[Saved data entries]

Lemma psi_lam a b : exists2 z, in_center z & psi (lam a b) = z * lam a (psi b).
Proof.
set z := psi (pcomm (dev a^-1) b).
have Zz : in_center z by apply: psi_pcomm_central; apply: K_dev.
exists z => //.
rewrite [lam a b]lam_dev inn_pcomm psiM (psiM a) (psiM (pcomm _ _)) psiV -/z.
by rewrite /lam /inn !mulgA -(Zz (psi a)).
Qed.

Lemma dev_lam a b : exists2 z, in_center z & dev (lam a b) = lam a (dev b) * z.
Proof.
have [z Zz E] := psi_lam a b; exists z^-1; first exact: centerV.
by rewrite /dev E lamM lamV invgM mulgA.
Qed.

Lemma inn_dev a w : inn (dev a) w = inn a (lam a^-1 w).
Proof. by rewrite /lam /inn /dev psiV; group_simpl. Qed.

Lemma lam_inn_dev a b w : lam (inn (dev a) b) w = lam b w.
Proof. exact/lam_innK/K_dev. Qed.

(* lam a is an automorphism, hence intertwines conjugations. *)
Lemma inn_lam a b q : inn (lam a b) (lam a q) = lam a (inn b q).
Proof. by rewrite /lam /inn; group_simpl. Qed.

Definition s1 (p : G * G) : G * G :=
  let: (g, h) := p in (lam g^-1 h, inn (lam g^-1 (dev h))^-1 g).
Definition s2 (p : G * G) : G * G :=
  let: (g, h) := p in (inn (dev g) h, lam h g).
Definition s3 (p : G * G) : G * G :=
  let: (g, h) := p in (lam g h, (lam g h)^-1 * g * h).
Definition s4 (p : G * G) : G * G :=
  let: (g, h) := p in (g * h * (lam h^-1 g)^-1, lam h^-1 g).

Lemma r1E : r1 psi = s1.
Proof.
apply: functional_extensionality => -[g h].
by rewrite /r1 /s1 /lam /inn /dev !psiM !psiV; group_simpl.
Qed.
(* Let $\mu$ be a non-atomic probability distribution on $[0,1]$ and $r:[0,1]\to\mathbb{R}$ a right-continuous function of bounded variation. Define $b^{(0)}=0$ and, for $k\ge1$, $$u^{(k)}=\arg\min_{u\in\mathcal{C}^+}\|r-b^{(k-1)}-u\|,\qquad b^{(k)}=\arg\min_{b\in\mathcal{C}^-}\|r-u^{(k)}-b\|,\qquad r^{(k)}=u^{(k)}+b^{(k)}.$$ Then $\lim_{k\to\infty}\|r^{(k)}-r\|=0$.
   Context: $\|g\|^2=\int_{[0,1]}g(x)^2\mu(dx)$ is the norm of $L_2(\mu)$; $\mathcal{C}^+$ is the closed convex cone of non-decreasing functions in $L_2(\mu)$ and $\mathcal{C}^-=-\mathcal{C}^+$ the cone of non-increasing functions; the minimizers are the (unique) metric projections onto these cones. *)

From HB Require Import structures.
From mathcomp Require Import all_boot all_order all_algebra.
From mathcomp Require Import all_classical all_reals all_analysis.
Set Implicit Arguments. Unset Strict Implicit. Unset Printing Implicit Defensive.
Import Order.TTheory GRing.Theory Num.Theory numFieldNormedType.Exports.
Local Open Scope classical_set_scope.
Local Open Scope ring_scope.

Definition unit_itv (R : realType) : set R := `[0, 1].

Section L2defs.
Context (R : realType) (mu : probability R R).
Local Notation I01 := (@unit_itv R).

Definition L2 (g : R -> R) : Prop :=
  measurable_fun I01 g /\
  mu.-integrable I01 (fun x => ((g x) ^+ 2)%:E).

Definition L2norm (g : R -> R) : R :=
  Num.sqrt (fine (\int[mu]_(x in I01) ((g x) ^+ 2)%:E)).

Definition Cplus (g : R -> R) : Prop :=
  L2 g /\ exists v : R -> R,
    (forall x y, 0 <= x -> x <= y -> y <= 1 -> v x <= v y) /\
    {ae mu, forall x : R, I01 x -> g x = v x}.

*WORK TASK:* Exactly the lines from the one containing "Set Implicit Arguments." to the final line of the entries must be restated, and no others.

*REPLY TO THE EXERCISE:*
Set Implicit Arguments. Unset Strict Implicit. Unset Printing Implicit Defensive.
Import Order.TTheory GRing.Theory Num.Theory numFieldNormedType.Exports.
Local Open Scope classical_set_scope.
Local Open Scope ring_scope.

Definition unit_itv (R : realType) : set R := `[0, 1].

Section L2defs.
Context (R : realType) (mu : probability R R).
Local Notation I01 := (@unit_itv R).

Definition L2 (g : R -> R) : Prop :=
  measurable_fun I01 g /\
  mu.-integrable I01 (fun x => ((g x) ^+ 2)%:E).

Definition L2norm (g : R -> R) : R :=
  Num.sqrt (fine (\int[mu]_(x in I01) ((g x) ^+ 2)%:E)).

Definition Cplus (g : R -> R) : Prop :=
  L2 g /\ exists v : R -> R,
    (forall x y, 0 <= x -> x <= y -> y <= 1 -> v x <= v y) /\
    {ae mu, forall x : R, I01 x -> g x = v x}.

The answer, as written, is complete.